──────── Provided material

(* [A] is the string whose letters get swapped, [B] the one it is compared to. *)
Definition swappable x := [&& x.+1 < n, B x != B x.+1, B x == A x.+1 & B x.+1 == A x].

Fixpoint greedy x := if x is k.+1 then swappable k.+1 && ~~ greedy k else swappable 0.

Definition swap_cost (Q : pred nat) :=
  \sum_(0 <= x < n) (Q x : nat) + \sum_(0 <= x < n) (A (partner Q x) != B x).

Lemma greedy_swappable x : greedy x -> swappable x.
Proof. by case: x => //= k /andP[]. Qed.

Lemma greedy_lt x : greedy x -> x.+1 < n.
Proof. by move/greedy_swappable/and4P=> []. Qed.

Lemma greedy_sep x : greedy x -> ~~ greedy x.+1.
Proof. by move=> h /=; rewrite h andbF. Qed.

Lemma eq_swap_cost (Q Q' : pred nat) : Q =1 Q' -> swap_cost Q = swap_cost Q'.
Proof.
move=> eQ; rewrite /swap_cost /partner.
by congr (_ + _); apply: eq_bigr => x _; rewrite !eQ.
Qed.

Lemma mismatch_greedy :
  \sum_(0 <= x < n) (A x != B x) =
  \sum_(0 <= x < n) (A (partner greedy x) != B x) + \sum_(0 <= x < n) (greedy x : nat)
    + \sum_(0 <= x < n) (greedy x : nat).
Proof.
rewrite (sum_fold_pairs greedy_lt greedy_sep).
rewrite (sum_fold_pairs greedy_lt greedy_sep (fun x => A (partner greedy x) != B x)).
rewrite -!big_split; apply: eq_bigr => x _; rewrite /fold_pairs /partner.
case: (boolP (greedy x)) => g; last by case: ifP => /= _; lia.
have /and4P[_ neqB /eqP eBA /eqP eBA'] := greedy_swappable g.
rewrite (negbTE (greedy_sep g)) /= ?g eBA eBA' !eqxx.
by rewrite eBA eBA' in neqB; rewrite neqB eq_sym neqB.
Qed.

Section AnySwapSet.
Variable Q : pred nat.
Hypothesis Q_lt : forall x, Q x -> x.+1 < n.
Hypothesis Q_sep : forall x, Q x -> ~~ Q x.+1.

Lemma mismatch_le_swaps :
  \sum_(0 <= x < n) (A x != B x) <=
  \sum_(0 <= x < n) (A (partner Q x) != B x) + \sum_(0 <= x < n) (Q x : nat)
    + \sum_(0 <= x < n) (Q x && swappable x : nat).
Proof.
rewrite (sum_fold_pairs Q_lt Q_sep) (sum_fold_pairs Q_lt Q_sep (fun x => A (partner Q x) != B x)).
rewrite -!big_split; apply: leq_sum => x _; rewrite /fold_pairs /partner.
case: (boolP (Q x)) => q; last by case: ifP => /= _; lia.
rewrite (negbTE (Q_sep q)) /= ?q /swappable Q_lt //=.
exact: mismatch_swap_le.
Qed.

(* The extra term is a greedy swap at k-1 not matched by a swappable swap of [Q] there. *)
Lemma swappable_swaps_le_greedy :
  \sum_(0 <= x < n) (Q x && swappable x : nat) <= \sum_(0 <= x < n) (greedy x : nat).
Proof.
suff H k : \sum_(0 <= x < k) (Q x && swappable x : nat)
             + [&& 0 < k, greedy k.-1 & ~~ (Q k.-1 && swappable k.-1)]
           <= \sum_(0 <= x < k) (greedy x : nat).
  by apply: leq_trans (H n); rewrite leq_addr.
elim: k => [|k IH]; first by rewrite !big_geq.
rewrite !big_nat_recr //=.
case: (boolP (greedy k)) => g.
  by move: IH; case: (Q k && swappable k); case: [&& _, _ & _] => /=; lia.
case: (boolP (Q k && swappable k)) => /= qk.
  case: k IH g qk => [|k] IH g qk; first by move: g qk => /= /negbTE ->; rewrite andbF.
  move: g => /=; case/andP: (qk) => Qk sk; rewrite sk /= negbK => gk.
  have nQ : ~~ (Q k && swappable k) by apply/negP => /andP[/Q_sep]; rewrite Qk.
  by move: IH; rewrite /= gk nQ /=; lia.
by move: IH; case: [&& _, _ & _] => /=; lia.
Qed.

Lemma greedy_swap_cost_min : swap_cost greedy <= swap_cost Q.
Proof.
have := mismatch_greedy; have := mismatch_le_swaps; have := swappable_swaps_le_greedy.
rewrite /swap_cost; lia.
Qed.

End AnySwapSet.
End Greedy.

Lemma leq_bigmin (I : finType) (P : pred I) (F : I -> nat) m x0 :
  m <= x0 -> (forall i, P i -> m <= F i) -> m <= \big[minn/x0]_(i | P i) F i.
Proof.
move=> mx0 mF; apply: (big_ind (fun x => m <= x)) => // x y mx my.
by rewrite leq_min mx my.
Qed.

────────────────

**What you should do:**
Only what runs from the line containing "End Greedy." through the final line of the entries above belongs in the answer, restated exactly.

**Written answer:**
End Greedy.

Lemma leq_bigmin (I : finType) (P : pred I) (F : I -> nat) m x0 :
  m <= x0 -> (forall i, P i -> m <= F i) -> m <= \big[minn/x0]_(i | P i) F i.
Proof.
move=> mx0 mF; apply: (big_ind (fun x => m <= x)) => // x y mx my.
by rewrite leq_min mx my.
Qed.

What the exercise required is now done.